So I’m feeling pretty pleased with myself, don’t you know. Been staying at home all day, writing, reading, and keeping myself amused. Not drinking, not being silly, not crying. Done with the romantic drama and set squarely in my life. Not sad at all; very focused and disciplined.

And with the furious construction of the street outside my front window finished, I finally have peace and quiet during the day so I can work. I have a project I’m excited to start and two solid months of writing time ahead of me. Life is good.

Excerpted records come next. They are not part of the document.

(* (a) ⇒ (b): if a basic sequence s_n converges to c_A off a null set N, each superlevel set
   {s_n > 1/2} is a boolean combination of the finitely many members of V used by h_0, …, h_n,
   hence lies in S = S(V), and A differs from B = ⋃_m ⋂_n {s_(m+n) > 1/2} ∈ S^δσ only inside N.
   (b) ⇒ (a): write B = ⋃_m ⋂_i C_mi with C_mi ∈ S and let D_kn = ⋃_(m≤k) ⋂_(i≤n) C_mi
   ([cupcap k n]), increasing in k and decreasing in n.  The limits a_k = lim_n v(D_kn) increase
   to some a; choosing increasing k_j, n_j with a − a_(k_j) and v(D_(k_j n_j)) − a_(k_j) at most
   4^−(j+1) gives v(T_(j+1) Δ T_j) ≤ 3·4^−(j+1) for T_j = D_(k_j n_j), so the c_(T_j) are the
   partial sums of a basic sequence.  It converges to c_B outside the set of points that are not
   in B but lie in infinitely many T_j; this set is null because T_j ∖ B is covered by the
   differences D_(k_j, n_j+n) ∖ D_(k_j, n_j+n+1), of total measure at most 4^−(j+1).  Changing a
   function on a null set does not affect membership in L.
   (c): complements exchange S^δσ and V^σδ (this uses X ∈ V), and V_c is closed under
   complement, since c_X − s_n is again a basic sequence. *)

From Stdlib Require Import Reals Lra Lia List Classical ClassicalEpsilon Cantor.
Import ListNotations.
Open Scope R_scope.

Section FiniteDisjointUnions.
Context {X : Type}.

Definition disjoint (A B : set X) : Prop := forall x, ~ (A x /\ B x).
Definition list_union (l : list (set X)) (x : X) : Prop := exists B, In B l /\ B x.
Definition pairwise_disjoint (l : list (set X)) : Prop := ForallOrdPairs disjoint l.
(* Let $H_i=H_i(x_{i-1},x_i)$ for $i\in[1,n]$ be two-terminal signed graphs and $G=\mathcal S(H_1,\dots,H_n)$ with $n=|\mathcal B(G)|\ge 2$. Suppose $\mathcal B_0(G)=\emptyset$, $\mathcal B_2(G)\neq\emptyset$, and every $H_i\in\mathcal B_2(G)$ has a $\Psi_{x_{i-1}x_i}(2)$-cover. Then exactly one of the following holds: (1) $G$ has a $\Psi_{x_0x_n}(2)$-cover in which no tadpole at $x_0$ contains the vertex $x_n$ and no tadpole at $x_n$ contains the vertex $x_0$; (2) $\mathcal B_2(G)=\{H_1\}$ and every $\Psi_{x_0x_1}(2)$-cover of $H_1$ contains a tadpole at $x_1$ containing the vertex $x_0$; (3) $\mathcal B_2(G)=\{H_n\}$ and every $\Psi_{x_{n-1}x_n}(2)$-cover of $H_n$ contains a tadpole at $x_{n-1}$ containing the vertex $x_n$.
   Context: Signed graph: a finite graph (multiple edges and loops allowed) with signature $\sigma:E\to\{1,-1\}$. For a subgraph $S$, $\sigma(S)=\prod_{e\in S}\sigma(e)$; a path is positive if its sign is $1$, negative otherwise. A circuit is a connected $2$-regular subgraph; balanced if it has an even number of negative edges, unbalanced otherwise. A barbell is the union of two unbalanced circuits $C_1,C_2$ and a path $P$ such that either $P$ is trivial and $C_1,C_2$ share exactly one vertex, or $C_1,C_2$ are vertex-disjoint and $P$ joins them meeting $C_1\cup C_2$ only at its ends. A signed circuit is a balanced circuit or a barbell. A tadpole at $x$ is the union of an $xy$-path $P$ (possibly trivial) and an unbalanced circuit $C$ with $V(P)\cap V(C)=\{y\}$. A signed subgraph $6$-cover is a family (multiset) of subgraphs such that every edge lies in exactly $6$ members. For distinct vertices $x,y$ and $t\in[0,3]$, a $\Psi_{xy}(t)$-cover is a signed subgraph $6$-cover consisting of exactly $t$ positive $xy$-paths, $t$ negative $xy$-paths, $t$ tadpoles at $x$, $6-2t$ tadpoles at $y$, and some signed circuits. A two-terminal signed graph $H(x,y)$ is a connected nonempty signed graph with source terminal $x$ and target terminal $y$, where $x=y$ iff $H$ is a single negative loop. The series connection $\mathcal S(H_1,\dots,H_n)$ of pairwise disjoint $H_i(x_i,y_i)$ is obtained from $H_1\cup\dots\cup H_n$ by identifying $y_{i-1}$ with $x_i$ for $i\in[2,n]$, with source $x_1$ and target $y_n$. If $G=\mathcal S(H_1,\dots,H_n)$ with $n$ maximum, the $H_i$ are the parts of $G$, forming $\mathcal B(G)$; $\mathcal B_0(G)$ = parts with equal terminals (negative loops), $\mathcal B_1(G)$ = parts with distinct terminals and one edge, $\mathcal B_2(G)$ = parts with distinct terminals and at least two edges. *)

From mathcomp Require Import all_boot.
Set Implicit Arguments. Unset Strict Implicit. Unset Printing Implicit Defensive.

(* A signed graph is given by a finite vertex type V, a finite edge type E,
   an endpoint map [ends : E -> V * V] (a loop has equal endpoints; the order
   of the pair is irrelevant) and [neg : E -> bool] (neg e = true iff
   sigma(e) = -1).  Subgraphs without isolated vertices are represented by
   their edge sets [{set E}]. *)
Section SignedGraph.
Variables (V E : finType) (ends : E -> V * V) (neg : E -> bool).

Definition incident (v : V) (e : E) : bool := ((ends e).1 == v) || ((ends e).2 == v).

Definition VS (S : {set E}) : {set V} := [set v | [exists e in S, incident v e]].

(* degree of v in S (a loop counts twice) *)
Definition deg (S : {set E}) (v : V) : nat :=
  \sum_(e in S) (((ends e).1 == v) + ((ends e).2 == v)).

Definition adj (S : {set E}) : rel V := fun u v =>
  [exists e in S, (((ends e).1 == u) && ((ends e).2 == v)) ||
                  (((ends e).1 == v) && ((ends e).2 == u))].

Definition connected (S : {set E}) : Prop :=
  S != set0 /\ forall u v, u \in VS S -> v \in VS S -> connect (adj S) u v.

Definition negative (S : {set E}) : bool := odd #|[set e in S | neg e]|.

Definition circuit (C : {set E}) : Prop :=
  connected C /\ forall v, v \in VS C -> deg C v = 2.

Definition balanced_circuit (C : {set E}) : Prop := circuit C /\ ~~ negative C.
Definition unbalanced_circuit (C : {set E}) : Prop := circuit C /\ negative C.

Definition xypath (x y : V) (P : {set E}) : Prop :=
  x != y /\ connected P /\ deg P x = 1 /\ deg P y = 1 /\
  forall v, v \in VS P -> v != x -> v != y -> deg P v = 2.

Definition barbell (B : {set E}) : Prop :=
  exists C1 C2 P : {set E},
    B = C1 :|: C2 :|: P /\ unbalanced_circuit C1 /\ unbalanced_circuit C2 /\
    [disjoint C1 & C2] /\
    ((P = set0 /\ #|VS C1 :&: VS C2| = 1) \/
     (VS C1 :&: VS C2 = set0 /\
      exists u v, u \in VS C1 /\ v \in VS C2 /\ xypath u v P /\
                  VS P :&: (VS C1 :|: VS C2) = [set u; v])).

Definition signed_circuit (S : {set E}) : Prop := balanced_circuit S \/ barbell S.

Definition tadpole (x : V) (T : {set E}) : Prop :=
  exists (y : V) (P C : {set E}),
    T = P :|: C /\ unbalanced_circuit C /\
    ((P = set0 /\ y = x /\ x \in VS C) \/
     (xypath x y P /\ VS P :&: VS C = [set y])).

(* Psi_{xy}(t)-cover of the subgraph with edge set EH, given as five lists:
   positive xy-paths, negative xy-paths, tadpoles at x, tadpoles at y and
   signed circuits; every edge of EH lies in exactly 6 members. *)
Definition psi_cover (EH : {set E}) (x y : V) (t : nat)
  (Pp Pn Tx Ty Cs : seq {set E}) : Prop :=
  t <= 3 /\
  size Pp = t /\ size Pn = t /\ size Tx = t /\ size Ty = 6 - t.*2 /\
  (forall S, S \in Pp ++ Pn ++ Tx ++ Ty ++ Cs -> S \subset EH) /\
  (forall P, P \in Pp -> xypath x y P /\ ~~ negative P) /\
  (forall P, P \in Pn -> xypath x y P /\ negative P) /\
  (forall T, T \in Tx -> tadpole x T) /\
  (forall T, T \in Ty -> tadpole y T) /\
  (forall C, C \in Cs -> signed_circuit C) /\
  (forall e, e \in EH -> count (fun S : {set E} => e \in S) (Pp ++ Pn ++ Tx ++ Ty ++ Cs) = 6).

Definition has_psi_cover (EH : {set E}) (x y : V) (t : nat) : Prop :=
  exists Pp Pn Tx Ty Cs, psi_cover EH x y t Pp Pn Tx Ty Cs.

(* edge set of the i-th part (0-indexed) *)
Definition part (p : E -> nat) (i : nat) : {set E} := [set e | p e == i].

Definition single_neg_loop (S : {set E}) : Prop :=
  exists e, S = [set e] /\ (ends e).1 = (ends e).2 /\ neg e.

(* G (whose edge set is all of E) is the series connection S(H_0,...,H_{m-1})
   with source s and target t, where H_i is the subgraph with edge set
   [part p i] and terminals x i, x i.+1. Vertices of distinct parts H_i, H_j
   (i<j) are identified exactly along the chain of terminal identifications. *)
Definition series_decomp (s t : V) (m : nat) (x : nat -> V) (p : E -> nat) : Prop :=
  x 0 = s /\ x m = t /\ (forall e, p e < m) /\
  (forall i, i < m ->
     connected (part p i) /\ x i \in VS (part p i) /\ x i.+1 \in VS (part p i) /\
     (x i = x i.+1 <-> single_neg_loop (part p i))) /\
  (forall i j v, i < j -> j < m ->
     (v \in VS (part p i) /\ v \in VS (part p j) <->
      forall k, i < k <= j -> v = x k)).

Definition inB2 (x : nat -> V) (p : E -> nat) (i : nat) : Prop :=
  x i != x i.+1 /\ 2 <= #|part p i|.

End SignedGraph.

Today I came home from a walk to find a motorcycle in my yard. And workmen in my yard. Lots of workmen in the yard. Digging up the yard. Look at the workmen digging up the yard! Water pipes – that’s what they’re digging up. Oh no. Water off in the house. Water pipes exposed, truckload of cement bags, a yard full of yelling workmen…

Julian! Help!!

Julian came over to see what was going on. The good news is the water pipes would be replaced in half an hour and the water turned back on. That was the work of the landlord, who owns my house. The bad news is that the land owner, who owns the land itself, has commissioned a wall to be built around the perimeter of the tiny plot on which the house sits, and hence the bags of cement.

There are already walls around the property so it strikes me as an unnecessary and ridiculous project to build a second, interior wall unless she knows about some secret Hun invasion from the next soi over planned for early spring ‘07. Then again, I also cannot for the life of me see what use the brand new 100-yard two-lane superhighway in front of my house serves other than a warm place for the soi dogs to sleep during the day. I’m obviously not on the same page with Thai logic in these matters.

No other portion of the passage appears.